# Tech #3 Summarizing and Sorting Data

- This file builds on the code from Tech #2 and illustrates how to summarize and sort data.
- Please follow the instruction on top of each empty cell. Although we already typed in the codes from Tech #2, you still need to execute them one by one. You can execute the cell by clicking "Run", or by click in the cell you want to run and pressing Ctrl + Enter, (Cmd + Enter on Mac).

---
## Code from Tech #2 Loading and Navigating Data
---
Additional note: In the code cell, if you start the line with a # key, you will be creating comments. You can use these comments to help your audience to understand your code. Python will ignore the comments when executing the code. 

**Step 1: Import pandas package**

In [1]:
import pandas as pd

**Step 2: Load the dataset**

*Note 1: Difference from Excel*  
In python, we don't work directly on the dataset itself. Python creates a temporary file in your computer's memory when loading a dataset. All the manipulation procedures will be performed on the temporary file and won't change your original dataset.
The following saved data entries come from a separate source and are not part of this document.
(* Let $(\Omega,\mathcal{F},\mathbb{P})$ be a probability space, $\mathcal{G}\subseteq\mathcal{F}$ a sub-$\sigma$-algebra, and $m\in\mathbb{N}$. Let $X:\Omega\to\mathcal{M}_{\mathcal{I}}^{(m)}$ be $\mathcal{G}$-measurable and almost surely bounded, with $X(\omega)=\langle [a_k(\omega),a_k(\omega)]\rangle_{0\le k\le m}$ (degenerate intervals) for all $\omega\in\Omega$, and let $Y:\Omega\to\mathcal{M}_{\mathcal{I}}^{(m)}$ be a random variable. Then $\mathbb{E}[X\otimes Y\mid\mathcal{G}]=X\otimes\mathbb{E}[Y\mid\mathcal{G}]$ almost surely.
   Context: The interval semiring $\mathcal{I}$ has carrier $\{[a,b]:a\le b\}$, $[a,b]+_{\mathcal{I}}[c,d]=[a+c,b+d]$, $[a,b]\cdot_{\mathcal{I}}[c,d]=[\min S,\max S]$ with $S=\{ac,ad,bc,bd\}$. The moment semiring $\mathcal{M}_{\mathcal{I}}^{(m)}$ consists of vectors $\langle u_k\rangle_{0\le k\le m}$ of intervals with pointwise addition $\oplus$ and product $\langle u_k\rangle\otimes\langle v_k\rangle=\big\langle \sum_{i=0}^k\binom{k}{i}\times(u_i\cdot_{\mathcal{I}} v_{k-i})\big\rangle_{0\le k\le m}$ (sums in $+_{\mathcal{I}}$, $n\times u$ meaning the $n$-fold $+_{\mathcal{I}}$-sum of $u$). (Conditional) expectations of $\mathcal{M}_{\mathcal{I}}^{(m)}$-valued random variables are taken componentwise on the interval endpoints (for random variables whose endpoints are integrable). *)

From HB Require Import structures.
From mathcomp Require Import all_boot all_order all_algebra.
From mathcomp Require Import all_classical all_reals all_analysis.
Set Implicit Arguments. Unset Strict Implicit. Unset Printing Implicit Defensive.
Import Order.TTheory GRing.Theory Num.Theory.
Local Open Scope classical_set_scope.
Local Open Scope ring_scope.

Section IntervalSemiring.
Variable R : realType.

(* An interval [a,b] is represented by the pair (a,b); the carrier of the
   interval semiring consists of the pairs with a <= b. *)
Definition itv_ok (u : R * R) : Prop := u.1 <= u.2.

Definition izero : R * R := (0, 0).

Definition iadd (u v : R * R) : R * R := (u.1 + v.1, u.2 + v.2).

Definition imul (u v : R * R) : R * R :=
  (Num.min (Num.min (u.1 * v.1) (u.1 * v.2)) (Num.min (u.2 * v.1) (u.2 * v.2)),
   Num.max (Num.max (u.1 * v.1) (u.1 * v.2)) (Num.max (u.2 * v.1) (u.2 * v.2))).

Definition inmul (n : nat) (u : R * R) : R * R := iter n (iadd u) izero.

Definition mom (m : nat) := 'I_m.+1 -> R * R.

Definition mom_add (m : nat) (u v : mom m) : mom m := fun k => iadd (u k) (v k).

Definition mom_mul (m : nat) (u v : mom m) : mom m := fun k =>
  foldr iadd izero
    [seq inmul 'C(k, i) (imul (u (inord i)) (v (inord (k - i)))) | i <- iota 0 k.+1].

End IntervalSemiring.

Section CondExp.
Context {d : measure_display} {T : measurableType d} {R : realType}.
Local Open Scope ereal_scope.

Definition G_measurable (G : set (set T)) (f : T -> R) : Prop :=
  forall B : set R, measurable B -> G (f @^-1` B).

Definition is_sub_sigma_alg (G : set (set T)) : Prop :=
  sigma_algebra setT G /\ G `<=` measurable.

Definition is_cond_exp (P : probability T R) (G : set (set T)) (Y Z : T -> R)
  : Prop :=
  [/\ G_measurable G Z,
      P.-integrable setT (EFin \o Z) &
      forall A, G A -> \int[P]_(x in A) (Z x)%:E = \int[P]_(x in A) (Y x)%:E].

Definition is_cond_exp_mom (m : nat) (P : probability T R) (G : set (set T))
  (Y Z : T -> mom R m) : Prop :=
  forall k : 'I_m.+1,
    is_cond_exp P G (fun w => (Y w k).1) (fun w => (Z w k).1) /\
    is_cond_exp P G (fun w => (Y w k).2) (fun w => (Z w k).2).

End CondExp.

From HB Require Import structures.
From mathcomp Require Import all_boot all_order all_algebra.
From mathcomp Require Import all_classical all_reals all_analysis.
From mathcomp Require Import measurable_realfun lra.
Import Order.TTheory GRing.Theory Num.Theory.
Local Open Scope classical_set_scope.
Local Open Scope ring_scope.

(* For a degenerate interval, [a,a] . [c,d] = [a^+ c - a^- d, a^+ d - a^- c]
   when c <= d.  Hence each endpoint of the k-th component of X (x) Y is a
   finite sum of products of bounded G-measurable factors (binomial
   coefficients, a_i^+ and a_i^-) with endpoints of Y.  Conditional
   expectation is additive and pulls out bounded G-measurable factors (to see
   the latter, approximate the factor uniformly by G-step functions), so the
   endpoints of E[X (x) Y | G] are given a.s. by the same expressions in the
   endpoints of E[Y | G].  By monotonicity of conditional expectation these
   endpoints are a.s. ordered, so the expressions are exactly the endpoints of
   X (x) E[Y | G].  Since a is only a.s. bounded, the pull-out is applied to
   its truncation, which agrees with a a.s. *)

Section degenerate_product.
Context {R : realType}.

Lemma imul_degenerate (a : R) (v : R * R) : itv_ok v ->
  imul (a, a) v =
    (Num.max a 0 * v.1 - Num.max (- a) 0 * v.2,
     Num.max a 0 * v.2 - Num.max (- a) 0 * v.1).
Proof.
rewrite /itv_ok /imul /= !minxx !maxxx => v12.
have [a0|a0] := lerP 0 a.
  rewrite (max_idPr (_ : - a <= 0)) ?oppr_le0 // !mul0r !subr0.
  by rewrite (min_idPl _) ?(max_idPr _) // ler_wpM2l.
rewrite (max_idPl (_ : 0 <= - a)) ?oppr_ge0 ?ltW // !mul0r !sub0r !mulNr !opprK.
by rewrite (min_idPr _) ?(max_idPl _) // ler_wnM2l // ltW.
Qed.

Lemma foldr_iadd (s : seq (R * R)) :
  foldr (@iadd R) (izero R) s = (\sum_(u <- s) u.1, \sum_(u <- s) u.2).
Proof. by elim: s => [|u s IH]; rewrite ?big_nil ?big_cons //= IH. Qed.

Lemma inmulE n (u : R * R) : inmul n u = (n%:R * u.1, n%:R * u.2).
Proof.
rewrite !mulr_natl; elim: n => [|n IH] //=.
by rewrite IH /iadd /= !mulrS.
Qed.

Context {m : nat}.

(* Lower endpoint of the k-th component of <[a_i, a_i]> (x) v when u and w
   are the lower and upper endpoints of v; swapping u and w gives the upper
   endpoint. *)
Definition mom_endpoint (a u w : 'I_m.+1 -> R) (k : 'I_m.+1) : R :=
  \sum_(i <- iota 0 k.+1) 'C(k, i)%:R *
    (Num.max (a (inord i)) 0 * u (inord (k - i))
     - Num.max (- a (inord i)) 0 * w (inord (k - i))).

Lemma mom_mul_degenerate (a : 'I_m.+1 -> R) (v : mom R m) k :
  (forall l, itv_ok (v l)) ->
  mom_mul (fun i => (a i, a i)) v k =
    (mom_endpoint a (fun l => (v l).1) (fun l => (v l).2) k,
     mom_endpoint a (fun l => (v l).2) (fun l => (v l).1) k).
Proof.
move=> vok; rewrite /mom_mul foldr_iadd !big_map.
by congr pair; apply: eq_bigr => i _; rewrite inmulE imul_degenerate.
Qed.

End degenerate_product.

Lemma normr_max0_le {R : realDomainType} (y : R) : `|Num.max y 0| <= `|y|.
Proof. by case: (lerP 0 y) => _; rewrite ?normr0. Qed.

Definition clampr {R : realDomainType} (C x : R) := Num.max (- C) (Num.min x C).

Lemma normr_clampr_le {R : realDomainType} (C x : R) : 0 <= C -> `|clampr C x| <= C.
Proof.
move=> C0; rewrite ler_norml /clampr le_max lexx ge_max ge_min lexx orbT /=.
by rewrite andbT (le_trans _ C0) // oppr_le0.
Qed.

Lemma clampr_id {R : realDomainType} (C x : R) : `|x| <= C -> clampr C x = x.
Proof.
rewrite ler_norml => /andP[Cx xC].
by rewrite /clampr (min_idPl xC) (max_idPr Cx).
Qed.

Section integrable_bounded.
Context {d : measure_display} {T : measurableType d} {R : realType}.
Variable mu : {measure set T -> \bar R}.

Lemma integrable_bounded_mulr {A : set T} {h D : T -> R} {M : R} :
  measurable A -> measurable_fun [set: T] h -> (forall x, `|h x| <= M) ->
  mu.-integrable A (EFin \o D) -> mu.-integrable A (fun x => (h x * D x)%:E).
Proof.
move=> mA mh hM iD.
have hb : [bounded h x | x in A].
  exists M; split=> [|y My x _]; first exact: num_real.
  exact: le_trans (hM x) (ltW My).
have mhA := measurable_funS measurableT (subsetT A) mh.
apply: (eq_integrable mA _ _ _ (integrableMr mA mhA hb iD)) => x _.
by rewrite /= EFinM.
Qed.

End integrable_bounded.

Section sub_sigma_algebra.
Context {d : measure_display} {T : measurableType d} {R : realType}.
Context {G : set (set T)} (HG : is_sub_sigma_alg G).
Local Notation TG := (g_sigma_algebraType G).

Lemma g_sigma_algebraE : @measurable _ TG = G.
Proof. exact: measurable_g_measurableTypeE HG.1. Qed.

Lemma sub_sigma_measurable {A} : G A -> measurable A.
Proof. exact: HG.2. Qed.

Lemma sub_sigmaI {A B} : G A -> G B -> G (A `&` B).
Proof. by rewrite -g_sigma_algebraE; exact: measurableI. Qed.

Lemma G_measurableP (f : T -> R) :
  G_measurable G f <-> measurable_fun [set: TG] f.
Proof.
split=> [Gf _ B mB|mf B mB]; first by rewrite setTI g_sigma_algebraE; exact: Gf.
by have := mf measurableT B mB; rewrite setTI g_sigma_algebraE.
Qed.

Lemma G_measurable_fun {f : T -> R} :
  G_measurable G f -> measurable_fun [set: T] f.
Proof. by move=> Gf _ B mB; rewrite setTI; exact/sub_sigma_measurable/Gf. Qed.

Lemma G_measurable_lt {f g : T -> R} :
  G_measurable G f -> G_measurable G g -> G [set x | f x < g x].
Proof.
move=> /G_measurableP mf /G_measurableP mg.
have := measurable_fun_ltr mf mg measurableT (_ : measurable [set true]).
by rewrite setTI g_sigma_algebraE preimage_true; apply.
Qed.

Lemma G_step_approx {b : T -> R} {C e : R} :
  G_measurable G b -> (forall x, `|b x| <= C) -> 0 < e ->
  exists n (r : 'I_n -> R) (L : 'I_n -> set T), (forall j, G (L j)) /\
    forall x, `|b x - \sum_(j < n) r j * \1_(L j) x| <= e.
Proof.
move=> Gb bC e0.
pose t x := Num.truncn ((b x + C) / e).
exists (Num.truncn (C *+ 2 / e)).+1, (fun j => j%:R * e - C).
exists (fun j => b @^-1` `[j%:R * e - C, j.+1%:R * e - C[).
split=> [j|x]; first exact: Gb.
have [bxl bxr] : - C <= b x /\ b x <= C.
  by move: (bC x); rewrite ler_norml => /andP.
have y0 : 0 <= (b x + C) / e by rewrite divr_ge0 ?(ltW e0) // -lerBlDr sub0r.
have tn : (t x < (Num.truncn (C *+ 2 / e)).+1)%N.
  rewrite ltnS truncn_le_nat; apply: le_lt_trans (truncnS_gt _).
  by rewrite ler_pM2r ?invr_gt0 // mulr2n lerD2r.
have memL j : (x \in b @^-1` `[j%:R * e - C, j.+1%:R * e - C[) = (t x == j).
  rewrite truncn_eq // ler_pdivlMr // ltr_pdivrMr //.
  by rewrite /preimage mem_setE unfold_in /= !bnd_simp lerBlDr ltrBrDr.
rewrite (bigD1 (Ordinal tn)) //= big1 => [|j jt]; last first.
  rewrite indicE memL; case: eqP => [tj|_]; last by rewrite mulr0.
  by move: jt; rewrite -val_eqE /= tj eqxx.
rewrite indicE memL eqxx mulr1 addr0.
have /andP[tl tr] := truncn_itv y0.
rewrite ler_pdivlMr // in tl; rewrite ltr_pdivrMr // in tr.
rewrite ler_norml; apply/andP; split; rewrite -/(t x); lra.
Qed.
If you want to save your new data, you must export it (write).

*Note 2: File Directory*  
We only include the dataset filename (i.e., Compustat_fy2019.csv) here because this dataset is kept in the same folder as the opened Jupyter Notebook. Python takes the folder from which this notebook is opened as the default folder. But if you save your dataset in a different folder, you need to specify the full file path for Python to access it.   

In [2]:
df = pd.read_csv("Compustat_fy2019-1.csv", parse_dates = ['datadate'])
#A new parameter (option) in the parentheses to have python automatically parse (read) a date variable.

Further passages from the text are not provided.